*Problem to solve*
From the records below, please return each line that holds the word "using".

Top of Information provided

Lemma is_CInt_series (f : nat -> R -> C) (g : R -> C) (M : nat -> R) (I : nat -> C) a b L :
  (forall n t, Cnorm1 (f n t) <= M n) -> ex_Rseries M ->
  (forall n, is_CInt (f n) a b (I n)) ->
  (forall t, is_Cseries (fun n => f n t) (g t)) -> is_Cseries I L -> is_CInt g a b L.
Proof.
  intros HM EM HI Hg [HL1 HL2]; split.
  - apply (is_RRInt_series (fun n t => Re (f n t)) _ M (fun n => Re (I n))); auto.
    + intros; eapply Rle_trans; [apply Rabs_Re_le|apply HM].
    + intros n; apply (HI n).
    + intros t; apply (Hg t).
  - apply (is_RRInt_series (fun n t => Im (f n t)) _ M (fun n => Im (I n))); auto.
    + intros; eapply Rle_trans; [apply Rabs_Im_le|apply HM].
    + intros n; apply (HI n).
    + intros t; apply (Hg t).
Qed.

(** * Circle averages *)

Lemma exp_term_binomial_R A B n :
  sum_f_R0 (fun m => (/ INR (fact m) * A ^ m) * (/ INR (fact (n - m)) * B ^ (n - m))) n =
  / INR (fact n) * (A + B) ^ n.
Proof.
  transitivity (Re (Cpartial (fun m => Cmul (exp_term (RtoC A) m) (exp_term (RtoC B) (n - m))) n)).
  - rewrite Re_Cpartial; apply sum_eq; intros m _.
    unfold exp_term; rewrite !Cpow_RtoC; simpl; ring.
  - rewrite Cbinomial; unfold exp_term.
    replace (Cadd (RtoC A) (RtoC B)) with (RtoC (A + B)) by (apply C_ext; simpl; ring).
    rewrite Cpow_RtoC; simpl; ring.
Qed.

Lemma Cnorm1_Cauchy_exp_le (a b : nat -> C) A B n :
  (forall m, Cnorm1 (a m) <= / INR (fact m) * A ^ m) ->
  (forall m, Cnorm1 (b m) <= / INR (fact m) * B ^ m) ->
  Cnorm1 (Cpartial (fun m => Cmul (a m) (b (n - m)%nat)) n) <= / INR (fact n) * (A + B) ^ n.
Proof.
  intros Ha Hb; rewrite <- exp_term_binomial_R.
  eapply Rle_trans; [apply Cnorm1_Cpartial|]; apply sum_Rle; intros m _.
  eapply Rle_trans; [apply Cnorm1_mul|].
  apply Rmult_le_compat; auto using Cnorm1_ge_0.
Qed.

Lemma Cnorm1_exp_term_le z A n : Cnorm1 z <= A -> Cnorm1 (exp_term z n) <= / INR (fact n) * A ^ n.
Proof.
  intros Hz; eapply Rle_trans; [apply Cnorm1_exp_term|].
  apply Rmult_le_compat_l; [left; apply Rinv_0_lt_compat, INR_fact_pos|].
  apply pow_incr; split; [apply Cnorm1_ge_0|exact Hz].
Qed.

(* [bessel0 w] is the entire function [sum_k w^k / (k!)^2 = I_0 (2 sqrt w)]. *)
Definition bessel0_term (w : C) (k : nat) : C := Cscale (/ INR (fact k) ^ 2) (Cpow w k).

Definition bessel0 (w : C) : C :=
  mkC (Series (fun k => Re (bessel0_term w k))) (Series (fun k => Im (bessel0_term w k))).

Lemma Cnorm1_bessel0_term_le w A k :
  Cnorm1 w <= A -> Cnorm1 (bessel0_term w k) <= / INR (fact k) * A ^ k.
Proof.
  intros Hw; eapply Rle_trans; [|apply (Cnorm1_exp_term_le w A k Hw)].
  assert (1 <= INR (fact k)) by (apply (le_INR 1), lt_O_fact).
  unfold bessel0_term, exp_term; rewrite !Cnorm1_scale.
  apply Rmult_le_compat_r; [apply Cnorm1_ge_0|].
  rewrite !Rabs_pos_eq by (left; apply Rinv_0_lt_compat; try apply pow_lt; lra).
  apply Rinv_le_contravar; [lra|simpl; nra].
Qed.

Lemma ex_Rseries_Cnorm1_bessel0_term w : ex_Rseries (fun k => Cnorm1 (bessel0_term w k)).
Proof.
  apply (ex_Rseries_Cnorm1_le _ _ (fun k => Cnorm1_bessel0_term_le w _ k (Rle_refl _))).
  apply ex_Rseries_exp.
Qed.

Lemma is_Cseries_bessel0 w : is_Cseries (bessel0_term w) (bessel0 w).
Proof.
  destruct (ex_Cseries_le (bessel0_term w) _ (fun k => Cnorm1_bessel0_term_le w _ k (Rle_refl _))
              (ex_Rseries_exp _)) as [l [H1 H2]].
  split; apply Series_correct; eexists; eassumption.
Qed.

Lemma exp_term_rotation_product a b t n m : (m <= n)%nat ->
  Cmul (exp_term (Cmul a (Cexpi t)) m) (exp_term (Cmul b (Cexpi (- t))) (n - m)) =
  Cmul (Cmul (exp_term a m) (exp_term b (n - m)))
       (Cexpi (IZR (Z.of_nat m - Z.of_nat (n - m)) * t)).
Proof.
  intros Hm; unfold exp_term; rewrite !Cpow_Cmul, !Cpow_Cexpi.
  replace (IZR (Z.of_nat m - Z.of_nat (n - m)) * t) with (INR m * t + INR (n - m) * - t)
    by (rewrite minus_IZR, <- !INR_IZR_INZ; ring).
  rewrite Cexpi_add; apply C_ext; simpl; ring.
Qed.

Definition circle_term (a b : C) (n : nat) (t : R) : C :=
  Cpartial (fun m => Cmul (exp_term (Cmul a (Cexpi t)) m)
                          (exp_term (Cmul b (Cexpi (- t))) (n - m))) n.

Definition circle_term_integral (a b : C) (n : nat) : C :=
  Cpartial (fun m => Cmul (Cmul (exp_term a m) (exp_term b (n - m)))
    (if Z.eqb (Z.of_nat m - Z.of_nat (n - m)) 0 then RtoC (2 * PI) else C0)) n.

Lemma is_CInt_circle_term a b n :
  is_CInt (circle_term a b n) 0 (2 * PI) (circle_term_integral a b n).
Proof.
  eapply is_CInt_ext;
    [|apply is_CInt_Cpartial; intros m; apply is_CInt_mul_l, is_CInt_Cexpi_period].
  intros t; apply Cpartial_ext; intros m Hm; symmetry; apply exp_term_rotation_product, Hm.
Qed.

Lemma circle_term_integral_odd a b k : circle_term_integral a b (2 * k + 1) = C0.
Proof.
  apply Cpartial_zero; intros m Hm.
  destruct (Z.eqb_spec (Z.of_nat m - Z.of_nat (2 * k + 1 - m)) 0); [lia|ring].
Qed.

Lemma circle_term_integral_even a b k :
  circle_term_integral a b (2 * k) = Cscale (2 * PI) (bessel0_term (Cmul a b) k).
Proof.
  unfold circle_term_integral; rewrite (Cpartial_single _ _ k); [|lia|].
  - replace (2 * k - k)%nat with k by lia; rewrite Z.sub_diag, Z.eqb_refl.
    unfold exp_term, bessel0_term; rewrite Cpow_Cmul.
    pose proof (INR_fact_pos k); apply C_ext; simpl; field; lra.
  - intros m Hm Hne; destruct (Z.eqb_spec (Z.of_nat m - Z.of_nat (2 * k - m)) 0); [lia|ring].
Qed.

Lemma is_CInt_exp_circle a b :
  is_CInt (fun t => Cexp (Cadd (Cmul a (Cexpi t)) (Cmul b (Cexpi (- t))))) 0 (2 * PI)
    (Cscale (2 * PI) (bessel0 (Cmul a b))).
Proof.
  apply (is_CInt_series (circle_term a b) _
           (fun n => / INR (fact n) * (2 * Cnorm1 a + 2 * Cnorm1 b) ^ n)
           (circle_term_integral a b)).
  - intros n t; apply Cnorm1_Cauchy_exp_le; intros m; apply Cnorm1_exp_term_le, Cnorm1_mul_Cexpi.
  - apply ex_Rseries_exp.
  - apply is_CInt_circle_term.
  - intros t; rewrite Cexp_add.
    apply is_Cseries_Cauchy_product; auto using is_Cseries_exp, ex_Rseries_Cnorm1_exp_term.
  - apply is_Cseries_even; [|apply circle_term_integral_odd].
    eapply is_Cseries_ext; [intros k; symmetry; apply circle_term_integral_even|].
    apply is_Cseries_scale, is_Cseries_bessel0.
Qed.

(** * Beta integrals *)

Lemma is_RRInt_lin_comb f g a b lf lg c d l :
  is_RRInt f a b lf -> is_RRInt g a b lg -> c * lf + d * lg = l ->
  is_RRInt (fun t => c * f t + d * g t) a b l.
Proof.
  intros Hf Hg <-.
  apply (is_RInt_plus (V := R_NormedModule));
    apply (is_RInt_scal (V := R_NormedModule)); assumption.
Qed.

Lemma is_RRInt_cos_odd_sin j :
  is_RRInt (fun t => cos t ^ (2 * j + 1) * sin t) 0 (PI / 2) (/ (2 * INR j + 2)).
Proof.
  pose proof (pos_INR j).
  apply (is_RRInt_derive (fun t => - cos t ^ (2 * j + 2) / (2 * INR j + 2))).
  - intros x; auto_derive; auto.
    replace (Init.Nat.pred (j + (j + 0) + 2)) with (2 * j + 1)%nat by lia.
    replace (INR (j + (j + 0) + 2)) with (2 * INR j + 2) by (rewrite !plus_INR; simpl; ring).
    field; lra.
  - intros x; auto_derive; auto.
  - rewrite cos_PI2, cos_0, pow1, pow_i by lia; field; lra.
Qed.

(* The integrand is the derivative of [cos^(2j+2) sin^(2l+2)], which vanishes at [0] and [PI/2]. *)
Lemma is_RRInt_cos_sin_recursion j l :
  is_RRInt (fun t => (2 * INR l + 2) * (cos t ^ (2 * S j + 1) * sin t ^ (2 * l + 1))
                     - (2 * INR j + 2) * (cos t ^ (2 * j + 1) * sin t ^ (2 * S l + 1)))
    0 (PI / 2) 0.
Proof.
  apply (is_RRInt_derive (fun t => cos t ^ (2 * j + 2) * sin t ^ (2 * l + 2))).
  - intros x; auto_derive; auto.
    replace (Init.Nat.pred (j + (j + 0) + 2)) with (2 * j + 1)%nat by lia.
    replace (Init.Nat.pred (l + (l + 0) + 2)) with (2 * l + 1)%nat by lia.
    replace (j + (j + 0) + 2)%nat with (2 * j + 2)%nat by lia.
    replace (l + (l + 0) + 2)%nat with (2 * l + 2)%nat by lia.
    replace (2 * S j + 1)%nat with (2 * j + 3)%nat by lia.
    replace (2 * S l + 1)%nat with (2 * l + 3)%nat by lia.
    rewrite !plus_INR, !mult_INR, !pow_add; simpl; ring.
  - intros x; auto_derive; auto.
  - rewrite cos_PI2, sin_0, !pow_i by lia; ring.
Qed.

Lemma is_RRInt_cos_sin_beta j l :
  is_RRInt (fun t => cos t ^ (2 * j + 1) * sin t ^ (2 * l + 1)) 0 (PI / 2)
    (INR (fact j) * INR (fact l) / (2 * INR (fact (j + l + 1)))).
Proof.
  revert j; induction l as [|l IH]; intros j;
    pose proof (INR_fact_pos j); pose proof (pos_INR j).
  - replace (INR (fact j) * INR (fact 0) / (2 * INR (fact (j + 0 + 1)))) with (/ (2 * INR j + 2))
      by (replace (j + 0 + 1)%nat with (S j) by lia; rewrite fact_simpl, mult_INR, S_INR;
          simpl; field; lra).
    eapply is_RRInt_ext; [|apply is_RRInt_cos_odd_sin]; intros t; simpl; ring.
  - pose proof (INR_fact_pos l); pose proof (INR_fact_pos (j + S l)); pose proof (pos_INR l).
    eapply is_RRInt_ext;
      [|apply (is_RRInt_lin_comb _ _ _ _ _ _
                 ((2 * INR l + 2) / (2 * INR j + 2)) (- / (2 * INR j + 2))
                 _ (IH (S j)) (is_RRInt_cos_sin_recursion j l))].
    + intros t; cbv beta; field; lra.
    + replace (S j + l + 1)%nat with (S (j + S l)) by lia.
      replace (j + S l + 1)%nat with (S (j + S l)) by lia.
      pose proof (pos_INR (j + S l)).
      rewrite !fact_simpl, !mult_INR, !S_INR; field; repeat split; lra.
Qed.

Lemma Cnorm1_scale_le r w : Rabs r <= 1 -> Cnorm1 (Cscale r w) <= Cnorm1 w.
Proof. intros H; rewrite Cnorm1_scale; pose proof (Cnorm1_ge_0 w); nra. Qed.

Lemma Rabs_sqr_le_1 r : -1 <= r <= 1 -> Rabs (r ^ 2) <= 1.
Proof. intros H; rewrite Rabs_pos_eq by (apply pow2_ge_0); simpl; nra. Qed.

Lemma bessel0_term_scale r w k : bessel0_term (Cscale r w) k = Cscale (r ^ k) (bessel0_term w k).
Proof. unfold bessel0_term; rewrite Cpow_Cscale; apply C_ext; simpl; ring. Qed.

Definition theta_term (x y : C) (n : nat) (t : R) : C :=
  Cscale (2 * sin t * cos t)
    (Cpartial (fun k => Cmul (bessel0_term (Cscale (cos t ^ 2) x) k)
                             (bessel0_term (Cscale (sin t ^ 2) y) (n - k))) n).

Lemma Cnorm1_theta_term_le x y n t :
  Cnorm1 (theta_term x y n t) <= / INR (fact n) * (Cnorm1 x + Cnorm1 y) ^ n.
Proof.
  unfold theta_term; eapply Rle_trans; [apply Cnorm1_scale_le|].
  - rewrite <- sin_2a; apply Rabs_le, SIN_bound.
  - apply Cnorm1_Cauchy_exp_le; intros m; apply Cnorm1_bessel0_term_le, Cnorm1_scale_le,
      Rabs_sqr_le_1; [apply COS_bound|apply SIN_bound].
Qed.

Bottom of Information provided

*Expected answer*
  apply Rmult_le_compat; auto using Cnorm1_ge_0.
    apply is_Cseries_Cauchy_product; auto using is_Cseries_exp, ex_Rseries_Cnorm1_exp_term.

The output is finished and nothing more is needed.